On the other hand, excessive activation of NK cells could kill epithelial cells through the perforin/granzyme pathway further contributing to the small intestinal damage [14,15]. Indeed, the active phases of the disease are characterized by increased induction of activating receptors (i.e. NKG2C, NKp30 or NKG2D) on NK cells [16]. These observations are in line with the demonstration that human major histocompatibility complex class I chain related A and B (MICA and MICB) proteins, nonconventional HLA class I molecules that serve as ligands for the activating NKG2D receptor, are over-expressed in CD patients with villous atrophy [17,18]. MICA/NKG2D interaction is supposed to mediate also killing of epithelial cells in refractory CD, a rare complication of the disease that is resistant to the gluten-free diet and can associate with the development intestinal T cell lymphoma [18].

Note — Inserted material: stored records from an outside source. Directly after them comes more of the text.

(* Let $\mathcal{K}: C^0[0,1]\to C^0[0,1]$ be the backstepping kernel operator, i.e. $k=\mathcal{K}(\beta)$ is the continuous solution of $k(x) = -\beta(x) + \int_0^x \beta(x-y)k(y)\,dy$ for $x\in[0,1]$. Then for any $B>0$ and any pair $\beta_1,\beta_2\in C^0[0,1]$ with $\|\beta_1\|_\infty\le B$ and $\|\beta_2\|_\infty\le B$, $$\|\mathcal{K}(\beta_1)-\mathcal{K}(\beta_2)\|_\infty \le e^{3B}\,\|\beta_1-\beta_2\|_\infty .$$
   Context: $\|\cdot\|_\infty$ denotes the supremum norm over $[0,1]$. The convolution is $(a*b)(x)=\int_0^x a(x-y)b(y)\,dy$, so the kernel equation reads $\mathcal{K}(\beta) = -\beta + \beta*\mathcal{K}(\beta)$. *)

From Stdlib Require Import Reals.
From Coquelicot Require Import Coquelicot.
Open Scope R_scope.

Definition cont01 (f : R -> R) : Prop :=
  forall x, 0 <= x <= 1 ->
    filterlim f (within (fun y => 0 <= y <= 1) (locally x)) (locally (f x)).

(* Supremum norm over [0,1]: the least upper bound of { |f x| : x in [0,1] }.
   For f continuous on [0,1] this is a finite real number. *)
Definition supnorm (f : R -> R) : R :=
  real (Lub_Rbar (fun r => exists x, 0 <= x <= 1 /\ r = Rabs (f x))).

Definition is_kernel (beta k : R -> R) : Prop :=
  cont01 k /\
  forall x, 0 <= x <= 1 ->
    k x = - beta x + RInt (fun y => beta (x - y) * k y) 0 x.

From Stdlib Require Import Reals Lra.
From Coquelicot Require Import Coquelicot.
Open Scope R_scope.

(* Write d = K(beta1) - K(beta2) and D = |beta1 - beta2|_oo. Subtracting the
   two kernel equations gives, with * the convolution,
     d = -(beta1 - beta2) + (beta1 - beta2) * K(beta1) + beta2 * d,
   hence |d(x)| <= D (1 + |K(beta1)|_oo) + B int_0^x |d|. Gronwall's inequality
   applied to K(beta1) = -beta1 + beta1 * K(beta1) gives |K(beta1)| <= B e^B,
   and applied to d it gives |d| <= D (1 + B e^B) e^B <= D e^(3B). *)

Ltac solve_continuous :=
  repeat match goal with
  | |- filterlim ?f (locally ?x) (locally _) => change (continuous f x)
  | |- continuous (fun _ => ?c) _ => apply continuous_const
  | |- continuous (fun y => y) _ => apply continuous_id
  | |- continuous (fun y => @?f y * @?g y) _ => apply (continuous_mult f g)
  | |- continuous (fun y => @?f y + @?g y) _ => apply (continuous_plus f g)
  | |- continuous (fun y => @?f y - @?g y) _ => apply (continuous_minus f g)
  | |- continuous (fun y => - @?f y) _ => apply (continuous_opp f)
  | |- continuous (fun y => Rabs (@?f y)) _ => apply (continuous_Rabs_comp f)
  | |- continuous (fun y => exp (@?f y)) _ => apply (continuous_exp_comp f)
  end; auto.

(* Functions on [0,1] are extended to R by composing with the retraction
   clamp01, so that Coquelicot's integration lemmas for functions continuous
   on R apply to the integrands of the kernel equation. *)
Definition clamp01 (x : R) : R := Rmax 0 (Rmin 1 x).

Lemma clamp01_in x : 0 <= clamp01 x <= 1.
Proof. unfold clamp01, Rmax, Rmin; repeat destruct Rle_dec; lra. Qed.

Lemma clamp01_id x : 0 <= x <= 1 -> clamp01 x = x.
Proof. unfold clamp01, Rmax, Rmin; repeat destruct Rle_dec; lra. Qed.

Lemma clamp01_lipschitz a b : Rabs (clamp01 a - clamp01 b) <= Rabs (a - b).
Proof.
  unfold clamp01, Rmax, Rmin; repeat destruct Rle_dec;
  unfold Rabs; repeat destruct Rcase_abs; lra.
Qed.

Lemma continuous_clamp01_comp f : cont01 f -> forall x, continuous (fun z => f (clamp01 z)) x.
Proof.
  intros Hf x. eapply filterlim_comp; [| apply Hf, clamp01_in].
  intros P [eps HP]. exists eps. intros y Hy. apply HP; [| apply clamp01_in].
  eapply Rle_lt_trans; [apply clamp01_lipschitz | exact Hy].
Qed.

Lemma cont01_minus f g : cont01 f -> cont01 g -> cont01 (fun x => f x - g x).
Proof.
  intros Hf Hg x Hx.
  apply (filterlim_comp_2 f g Rminus (Hf x Hx) (Hg x Hx)).
  apply (filterlim_comp_2 (G := locally (f x)) (H := locally (- g x))
           (fun p : R * R => fst p) (fun p : R * R => - snd p) Rplus).
  - apply filterlim_fst.
  - eapply filterlim_comp; [apply filterlim_snd | apply (filterlim_opp (V := R_NormedModule))].
  - apply (filterlim_plus (V := R_NormedModule)).
Qed.

Lemma cont01_bounded f : cont01 f -> exists M, forall x, 0 <= x <= 1 -> Rabs (f x) <= M.
Proof.
  intros Hf.
  destruct (continuity_ab_maj (fun z => Rabs (f (clamp01 z))) 0 1) as [c [Hc _]]; [lra | |].
  - intros z _. apply continuity_pt_filterlim.
    apply (continuous_Rabs_comp (fun z => f (clamp01 z))), continuous_clamp01_comp, Hf.
  - exists (Rabs (f (clamp01 c))). intros x Hx. rewrite <- (clamp01_id x Hx). auto.
Qed.

Lemma supnorm_is_lub f M : (forall x, 0 <= x <= 1 -> Rabs (f x) <= M) ->
  is_lub_Rbar (fun r => exists x, 0 <= x <= 1 /\ r = Rabs (f x)) (supnorm f).
Proof.
  intros HM. unfold supnorm.
  set (S := fun r => exists x, 0 <= x <= 1 /\ r = Rabs (f x)).
  pose proof (Lub_Rbar_correct S) as Hlub.
  assert (Hle : Rbar_le (Lub_Rbar S) M).
  { apply Hlub. intros r [x [Hx ->]]. exact (HM x Hx). }
  assert (Hge : Rbar_le (Rabs (f 0)) (Lub_Rbar S)).
  { apply Hlub. exists 0. split; [lra | reflexivity]. }
  destruct (Lub_Rbar S); easy.
Qed.

Lemma supnorm_le f M : (forall x, 0 <= x <= 1 -> Rabs (f x) <= M) -> supnorm f <= M.
Proof.
  intros HM. apply (proj2 (supnorm_is_lub f M HM) (Finite M)).
  intros r [x [Hx ->]]. exact (HM x Hx).
Qed.

Lemma Rabs_le_supnorm f : cont01 f -> forall x, 0 <= x <= 1 -> Rabs (f x) <= supnorm f.
Proof.
  intros Hf x Hx. destruct (cont01_bounded f Hf) as [M HM].
  apply (proj1 (supnorm_is_lub f M HM)). now exists x.
Qed.

Lemma supnorm_ge0 f : cont01 f -> 0 <= supnorm f.
Proof.
  intros Hf. eapply Rle_trans; [apply Rabs_pos | apply (Rabs_le_supnorm f Hf 0)]. lra.
Qed.

Lemma ex_RInt_continuous_R (f : R -> R) a b : (forall x, continuous f x) -> ex_RInt f a b.
Proof. intros Hf. apply (ex_RInt_continuous (V := R_CompleteNormedModule)). auto. Qed.

Lemma abs_RInt_le_RInt (F G : R -> R) x : 0 <= x ->
  (forall y, continuous F y) -> (forall y, continuous G y) ->
  (forall y, 0 <= y <= x -> Rabs (F y) <= G y) -> Rabs (RInt F 0 x) <= RInt G 0 x.
Proof.
  intros Hx HF HG HFG.
  eapply Rle_trans; [apply abs_RInt_le; [exact Hx | now apply ex_RInt_continuous_R] |].
  apply RInt_le; [exact Hx | apply ex_RInt_continuous_R; intros; solve_continuous
                 | now apply ex_RInt_continuous_R |].
  intros y Hy. apply HFG. lra.
Qed.

Lemma RInt_const_plus_scal (h : R -> R) a b x : (forall y, continuous h y) ->
  RInt (fun y => a + b * h y) 0 x = a * x + b * RInt h 0 x :> R.
Proof.
  intros Hh.
  rewrite (RInt_plus (V := R_CompleteNormedModule) (fun _ => a) (fun y => b * h y));
    [| apply ex_RInt_continuous_R; intros; solve_continuous ..].
  rewrite (RInt_const (V := R_CompleteNormedModule)).
  rewrite (RInt_scal (V := R_CompleteNormedModule) h) by now apply ex_RInt_continuous_R.
  unfold plus, scal; simpl; unfold mult; simpl. ring.
Qed.

Lemma RInt_scal_exp c B x : B <> 0 ->
  RInt (fun y => c * exp (B * y)) 0 x = c * (exp (B * x) - 1) / B.
Proof.
  intros HB. apply is_RInt_unique.
  replace (c * (exp (B * x) - 1) / B) with
    (minus (c * exp (B * x) / B) (c * exp (B * 0) / B))
    by (unfold minus, plus, opp; simpl; rewrite Rmult_0_r, exp_0; field; exact HB).
  apply (is_RInt_derive (fun y => c * exp (B * y) / B)).
  - intros y _. auto_derive; [exact I | field; exact HB].
  - intros y _. solve_continuous.
Qed.

Lemma gronwall (g : R -> R) A B T : 0 < B -> 0 <= T -> (forall x, continuous g x) ->
  (forall x, 0 <= x <= T -> g x <= A + B * RInt g 0 x) ->
  forall x, 0 <= x <= T -> g x <= A * exp (B * x).
Proof.
  intros HB HT Hg Hint.
  destruct (continuity_ab_maj (fun x => g x * exp (- (B * x))) 0 T) as [c [Hc Hc0T]];
    [exact HT | intros z _; apply continuity_pt_filterlim; solve_continuous |].
  set (S := g c * exp (- (B * c))) in Hc.
  (* S is the least constant with g <= S e^(B.) on [0,T]; the integral
     inequality at the maximiser c forces S <= A. *)
  assert (Hexp : forall y, exp (- (B * y)) * exp (B * y) = 1).
  { intros y. rewrite <- exp_plus, Rplus_opp_l. apply exp_0. }
  assert (HS : forall y, 0 <= y <= T -> g y <= S * exp (B * y)).
  { intros y Hy. replace (g y) with (g y * exp (- (B * y)) * exp (B * y))
      by (rewrite Rmult_assoc, Hexp; ring).
    apply Rmult_le_compat_r; [left; apply exp_pos | exact (Hc y Hy)]. }
  assert (Hgc : g c = S * exp (B * c)) by (unfold S; rewrite Rmult_assoc, Hexp; ring).
  assert (HI : RInt g 0 c <= S * (exp (B * c) - 1) / B).
  { rewrite <- RInt_scal_exp by lra. apply RInt_le; [lra | now apply ex_RInt_continuous_R
    | apply ex_RInt_continuous_R; intros; solve_continuous |].
    intros y Hy. apply HS. lra. }
  assert (HSA : S <= A).
  { pose proof (Hint c Hc0T) as Hic.
    apply (Rmult_le_compat_l B) in HI; [| lra].
    replace (B * (S * (exp (B * c) - 1) / B)) with (S * exp (B * c) - S) in HI by (field; lra).
    lra. }
  intros x Hx. eapply Rle_trans; [apply HS, Hx |].
  apply Rmult_le_compat_r; [left; apply exp_pos | exact HSA].
Qed.

Lemma is_kernel_clamp01 beta k : is_kernel beta k -> forall x, 0 <= x <= 1 ->
  k x = - beta x + RInt (fun y => beta (clamp01 (x - y)) * k (clamp01 y)) 0 x.
Proof.
  intros [_ Hk] x Hx. rewrite Hk by exact Hx. f_equal.
  apply RInt_ext. rewrite Rmin_left, Rmax_right by lra.
  intros y Hy. rewrite !clamp01_id by lra. reflexivity.
Qed.

Lemma continuous_clamp01_comp_sub f a : cont01 f ->
  forall y, continuous (fun y => f (clamp01 (a - y))) y.
Proof.
  intros Hf y. apply (continuous_comp (fun y => a - y) (fun z => f (clamp01 z))).
  - solve_continuous.
  - now apply continuous_clamp01_comp.
Qed.

Lemma kernel_bound beta k B : 0 < B -> cont01 beta -> supnorm beta <= B ->
  is_kernel beta k -> forall x, 0 <= x <= 1 -> Rabs (k x) <= B * exp (B * x).
Proof.
  intros HB Hbeta HbetaB Hk.
  assert (Hb : forall z, Rabs (beta (clamp01 z)) <= B).
  { intros z. eapply Rle_trans; [apply Rabs_le_supnorm, clamp01_in |]; assumption. }
  pose proof (continuous_clamp01_comp_sub beta) as Cb.
  pose proof (continuous_clamp01_comp k (proj1 Hk)) as Ck.
  intros x Hx. rewrite <- (clamp01_id x Hx) at 1. revert x Hx.
  apply (gronwall (fun y => Rabs (k (clamp01 y))) B B 1); [exact HB | lra | intros; solve_continuous |].
  intros x Hx. rewrite (clamp01_id x Hx), (is_kernel_clamp01 beta k Hk x Hx).
  eapply Rle_trans; [apply Rabs_triang |]. rewrite Rabs_Ropp.
  apply Rplus_le_compat; [rewrite <- (clamp01_id x Hx); apply Hb |].
  assert (HI : RInt (fun y => 0 + B * Rabs (k (clamp01 y))) 0 x
                = B * RInt (fun y => Rabs (k (clamp01 y))) 0 x :> R)
    by (rewrite RInt_const_plus_scal; [ring | intros; solve_continuous]).
  rewrite <- HI.
  apply abs_RInt_le_RInt; [lra | intros; solve_continuous .. |].
  intros y _. rewrite Rplus_0_l, Rabs_mult.
  apply Rmult_le_compat_r; [apply Rabs_pos | apply Hb].
Qed.

Section KernelDifference.

Variables (beta1 beta2 k1 k2 : R -> R) (B K : R).
Hypotheses (Hb1 : cont01 beta1) (Hb2 : cont01 beta2) (Hb2B : supnorm beta2 <= B)
  (Hk1 : is_kernel beta1 k1) (Hk2 : is_kernel beta2 k2)
  (Hk1K : forall x, 0 <= x <= 1 -> Rabs (k1 x) <= K).

Lemma kernel_sub_integral_le x : 0 <= x <= 1 ->
  Rabs (k1 x - k2 x) <= supnorm (fun x => beta1 x - beta2 x) * (1 + K)
                        + B * RInt (fun y => Rabs (k1 (clamp01 y) - k2 (clamp01 y))) 0 x.
Proof.
  intros Hx.
  set (D := supnorm (fun x => beta1 x - beta2 x)).
  assert (HD : forall z, Rabs (beta1 (clamp01 z) - beta2 (clamp01 z)) <= D).
  { intros z. apply (Rabs_le_supnorm (fun x => beta1 x - beta2 x)), clamp01_in.
    now apply cont01_minus. }
  assert (D0 : 0 <= D) by now apply supnorm_ge0, cont01_minus.
  assert (HB2 : forall z, Rabs (beta2 (clamp01 z)) <= B).
  { intros z. eapply Rle_trans; [apply Rabs_le_supnorm, clamp01_in |]; assumption. }
  assert (HK : forall z, Rabs (k1 (clamp01 z)) <= K) by (intros z; apply Hk1K, clamp01_in).
  assert (K0 : 0 <= K) by (eapply Rle_trans; [apply Rabs_pos | apply (HK 0)]).
  pose proof (continuous_clamp01_comp_sub beta1) as Cb1.
  pose proof (continuous_clamp01_comp_sub beta2) as Cb2.
  pose proof (continuous_clamp01_comp k1 (proj1 Hk1)) as Ck1.
  pose proof (continuous_clamp01_comp k2 (proj1 Hk2)) as Ck2.
  rewrite (is_kernel_clamp01 _ _ Hk1 x Hx), (is_kernel_clamp01 _ _ Hk2 x Hx).
  set (F1 := fun y => beta1 (clamp01 (x - y)) * k1 (clamp01 y)).
  set (F2 := fun y => beta2 (clamp01 (x - y)) * k2 (clamp01 y)).
  assert (HF : RInt F1 0 x - RInt F2 0 x = RInt (fun y => F1 y - F2 y) 0 x :> R).
  { symmetry. apply (RInt_minus (V := R_CompleteNormedModule));
      apply ex_RInt_continuous_R; intros; unfold F1, F2; solve_continuous. }
  assert (Hpt : forall y, Rabs (F1 y - F2 y)
                          <= D * K + B * Rabs (k1 (clamp01 y) - k2 (clamp01 y))).
  { intros y. unfold F1, F2.
    replace (beta1 (clamp01 (x - y)) * k1 (clamp01 y) - beta2 (clamp01 (x - y)) * k2 (clamp01 y))
      with ((beta1 (clamp01 (x - y)) - beta2 (clamp01 (x - y))) * k1 (clamp01 y)
            + beta2 (clamp01 (x - y)) * (k1 (clamp01 y) - k2 (clamp01 y))) by ring.
    eapply Rle_trans; [apply Rabs_triang |]. rewrite !Rabs_mult.
    apply Rplus_le_compat; apply Rmult_le_compat; auto using Rabs_pos, Rle_refl. }
  assert (Hint : Rabs (RInt (fun y => F1 y - F2 y) 0 x)
            <= D * K * x + B * RInt (fun y => Rabs (k1 (clamp01 y) - k2 (clamp01 y))) 0 x).
  { rewrite <- RInt_const_plus_scal by (intros; solve_continuous).
    apply abs_RInt_le_RInt; [lra | intros; unfold F1, F2; solve_continuous .. | auto]. }
  replace (- beta1 x + RInt F1 0 x - (- beta2 x + RInt F2 0 x))
    with (- (beta1 x - beta2 x) + RInt (fun y => F1 y - F2 y) 0 x) by (rewrite <- HF; ring).
  eapply Rle_trans; [apply Rabs_triang |]. rewrite Rabs_Ropp.
  assert (Hx0 : Rabs (beta1 x - beta2 x) <= D) by (rewrite <- (clamp01_id x Hx); apply HD).
  assert (D * K * x <= D * K) by (pose proof (Rmult_le_pos _ _ D0 K0); nra).
  lra.
Qed.

Lemma kernel_sub_bound : 0 < B -> forall x, 0 <= x <= 1 ->
  Rabs (k1 x - k2 x) <= supnorm (fun x => beta1 x - beta2 x) * (1 + K) * exp (B * x).
Proof.
  intros HB x Hx.
  replace (k1 x - k2 x) with (k1 (clamp01 x) - k2 (clamp01 x)) by now rewrite clamp01_id.
  revert x Hx.
  pose proof (continuous_clamp01_comp k1 (proj1 Hk1)) as Ck1.
  pose proof (continuous_clamp01_comp k2 (proj1 Hk2)) as Ck2.
  apply (gronwall (fun y => Rabs (k1 (clamp01 y) - k2 (clamp01 y))) _ B 1);
    [exact HB | lra | intros; solve_continuous |].
  intros x Hx. rewrite (clamp01_id x Hx). now apply kernel_sub_integral_le.
Qed.

End KernelDifference.

Lemma exp_le_of_le x y : x <= y -> exp x <= exp y.
Proof.
  intros [Hlt | ->]; [left; now apply exp_increasing | apply Rle_refl].
Qed.

Lemma exp_growth_le B x : 0 <= B -> 0 <= x <= 1 ->
  (1 + B * exp B) * exp (B * x) <= exp (3 * B).
Proof.
  intros HB Hx.
  assert (E3 : exp (3 * B) = exp B * exp B * exp B) by (rewrite <- !exp_plus; f_equal; ring).
  assert (HBx : exp (B * x) <= exp B) by (apply exp_le_of_le; nra).
  pose proof (exp_ineq1_le B). pose proof (exp_pos (B * x)).
  (* 1 + B e^B <= (1 + B) e^B <= e^B e^B *)
  assert (H1 : 1 + B * exp B <= exp B * exp B) by nra.
  rewrite E3. apply Rmult_le_compat; nra.
Qed.

Theorem lemma1 :
  forall (B : R) (beta1 beta2 k1 k2 : R -> R),
    0 < B ->
    cont01 beta1 -> cont01 beta2 ->
    supnorm beta1 <= B -> supnorm beta2 <= B ->
    is_kernel beta1 k1 -> is_kernel beta2 k2 ->
    supnorm (fun x => k1 x - k2 x) <= exp (3 * B) * supnorm (fun x => beta1 x - beta2 x).
Proof.
  intros B beta1 beta2 k1 k2 HB Hb1 Hb2 Hb1B Hb2B Hk1 Hk2.
  assert (Hk1bound : forall x, 0 <= x <= 1 -> Rabs (k1 x) <= B * exp B).
  { intros x Hx. eapply Rle_trans; [now apply (kernel_bound beta1 k1 B) |].
    apply Rmult_le_compat_l; [lra | apply exp_le_of_le; nra]. }
  apply supnorm_le. intros x Hx.
  eapply Rle_trans; [now apply (kernel_sub_bound beta1 beta2 k1 k2 B (B * exp B)) |].
  rewrite Rmult_assoc, (Rmult_comm (exp (3 * B))).
  apply Rmult_le_compat_l; [now apply supnorm_ge0, cont01_minus |].
  apply exp_growth_le; lra.
Qed.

The factors leading to upregulation of MICA proteins to the surface of enterocytes in active CD remain to be clarified. ex vivo studies with duodenal explants of CD patients on gluten-free diet show that gliadin induces MICA expression in epithelial cells through a mechanism that is dependent on interleukin (IL)-15 [14,18], a cytokine produced in excess by innate immune cells in this disorder. Consistently, the MICA-inducing effect of gliadin is reproducible by the p31-49 gliadin-derived peptide, which is able to directly activate innate immune response in CD and to induce enterocyte apoptosis, the latter effect being inhibited by a blocking IL-15 antibody [19].

Finally, CD-associated mucosal inflammation is marked by reduced levels of the inhibitory receptor NKG2A [16], which could further contribute to the NK cell-mediated intestinal epithelial injury in this disorder.

Taken together the available literature indicate that NK cells can play a major role in CD pathogenesis. While the abundance of NK cells expressing activating receptors and their ability of kill target cells support their involvement in CD-associated villous atrophy, the defective presence of NKp44/NKp46-double positive NK cells could sustain the expansion of the gluten-induced mucosal inflammation. Further studies are needed to support these hypotheses. At the moment, the limited availability of biological samples (e.g., small number of cells purified from endoscopic biopsy samples) and the lack of a valid animal model of CD-like gluten-driven tissue damage represent the major obstacles to such studies.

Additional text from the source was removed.